Up to now, most quantitative phonetics research has been based on measurements of relatively small amounts of speech produced under carefully controlled laboratory conditions. Recently, people have started to use more naturalistic data, though in most cases, the measurements are still done by hand. There remain good reasons to use laboratory speech, and good reasons to make measurement by hand — but we think that an important part of the future of phonetics lies in automated measurements of large bodies of natural speech data.
[This research is a spin-off of some work that Jiahong Yuan and I have done in using speech technology in preparing time-aligned transcripts of the recordings of U.S. Supreme Court oral arguments, in collaboration with Jerry Goldman's Oyez project at Northwestern.
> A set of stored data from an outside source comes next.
(* Let $n\ge 2$ and let $v_1,\dots,v_N\in S^{n-1}$ be unit vectors that are not contained in any closed hemisphere and are in general position in dimension $n$. Let $(P_i)$ be a sequence of polytopes in $\mathcal P(v_1,\dots,v_N)$. If the outer radii $R_i$ of $P_i$ are not uniformly bounded in $i$, then the inner radii $r_i$ of $P_i$ are not uniformly bounded in $i$ either.
   Context: Unit vectors are in general position in dimension $n$ if any $n$ of them are linearly independent. $\mathcal P(v_1,\dots,v_N)$ is the set of polytopes in $\mathbb R^n$ (with nonempty interior) all of whose facet outer unit normals belong to $\{v_1,\dots,v_N\}$; equivalently sets $\{x: x\cdot v_j\le z_j,\ j=1,\dots,N\}$ with nonempty interior. The outer radius of a convex body is the smallest radius of a Euclidean ball containing it; the inner radius is the largest radius of a Euclidean ball contained in it. *)

From HB Require Import structures.
From mathcomp Require Import all_boot all_order all_algebra.
From mathcomp Require Import boolp classical_sets reals.
Set Implicit Arguments. Unset Strict Implicit. Unset Printing Implicit Defensive.
Import Order.TTheory GRing.Theory Num.Theory.
Local Open Scope ring_scope.
Local Open Scope classical_set_scope.

Definition dotp (R : realType) (n : nat) (x y : 'I_n -> R) : R :=
  \sum_(i < n) x i * y i.

Definition sqnorm (R : realType) (n : nat) (x : 'I_n -> R) : R := dotp x x.

Definition is_unit_vec (R : realType) (n : nat) (x : 'I_n -> R) : Prop :=
  sqnorm x = 1.

Definition cball (R : realType) (n : nat) (c : 'I_n -> R) (r : R) : set ('I_n -> R) :=
  [set x | sqnorm (fun i => x i - c i) <= r ^+ 2].
(* Let $0\le \rho_m\le\rho_M\le\rho_{\max}$ and let $g,v,w_\eta$ satisfy the standing assumptions (A) below. Let $h>0$, $N\in\mathbb{N}$ with $Nh=\eta$, and let a quadrature rule with nodes $y_1,\dots,y_R\in[0,1]$, $y_R=1$, and weights $\gamma_1,\dots,\gamma_R>0$, $\sum_{\nu=1}^R\gamma_\nu=1$, be given, such that $$h\sum_{k=0}^{N-1}\sum_{\nu=1}^{R}\gamma_\nu\, w_\eta^{\nu,k}=1,\qquad w_\eta^{\nu,k}:=w_\eta\big((k+y_\nu)h\big).$$ Suppose that at time $t^n$ we are given cell averages $\bar\rho_j^n\in[\rho_m,\rho_M]$ ($j\in\mathbb{Z}$) and, for every $l\in\mathbb{Z}$, a polynomial $P_l$ on $I_l=[x_{l-1/2},x_{l+1/2}]$ (with $x_{l+1/2}-x_{l-1/2}=h$) such that $\frac1h\int_{I_l}P_l(x)\,dx=\bar\rho_l^n$, the quadrature rule is exact for $P_l$, i.e. $\frac1h\int_{I_l}P_l\,dx=\sum_{\nu}\gamma_\nu P_l(x_{l-1/2}+y_\nu h)$, and all reconstructed values $\rho_l^\nu:=P_l(x_{l-1/2}+y_\nu h)$ lie in $[\rho_m,\rho_M]$. Define $\rho^-_{j+1/2}:=P_j(x_{j+1/2})\,(=\rho_j^R)$, $$V_{j+1/2}:=v\Big(h\sum_{k=0}^{N-1}\sum_{\nu=1}^R\gamma_\nu w_\eta^{\nu,k}\rho^\nu_{j+k+1}\Big),$$ and, for $\tau>0$, the forward Euler update $$\bar\rho_j^{n+1}=\bar\rho_j^n-\frac{\tau}{h}\Big(V_{j+1/2}\,g(\rho^-_{j+1/2})-V_{j-1/2}\,g(\rho^-_{j-1/2})\Big),\quad j\in\mathbb{Z}.$$ If $$\tau\le\frac{\gamma_R h}{\gamma_R h\, w_\eta(0)\,\|v'\|\,\|g\|+\|v\|\,\|g'\|},$$ where $\|\cdot\|$ denotes the sup norm on $[0,\rho_{\max}]$, then $\rho_m\le\bar\rho_j^{n+1}\le\rho_M$ for all $j\in\mathbb{Z}$.
   Context: Standing assumptions (A): $\rho_{\max}>0$, $\eta>0$; $g\in C^1([0,\rho_{\max}];\mathbb{R}_{\ge0})$ with $g'\ge0$; $v\in C^1([0,\rho_{\max}];\mathbb{R}_{\ge0})$ with $v'\le0$; $w_\eta\in C^1([0,\eta];\mathbb{R}_{\ge0})$ with $w_\eta'\le0$ and $\int_0^\eta w_\eta(x)\,dx=1$. These arise from the non-local conservation law $\rho_t+(g(\rho)v(\rho*w_\eta))_x=0$ with $(\rho*w_\eta)(t,x)=\int_x^{x+\eta}w_\eta(y-x)\rho(t,y)\,dy$, discretized on a uniform grid $x_j=x_0+jh$, $x_{j\pm1/2}=x_j\pm h/2$. *)

From Stdlib Require Import Reals Lra ZArith List.
Open Scope R_scope.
Our work was supported in part by NSF grant 0325739.]
[Queen Elizabeth was the only subject in Jonathan Harrington's "An acoustic analysis of ‘happy-tensing’ in the Queen's Christmas broadcasts", Journal of Phonetics, 34(4): 439-457, 2006, and in two papers from 2000 by Harrington, Palethorpe and Watson. These three papers and the associated public reaction were described in an earlier Language Log post, "Happy-tensing and coal in sex", 12/5/2006.]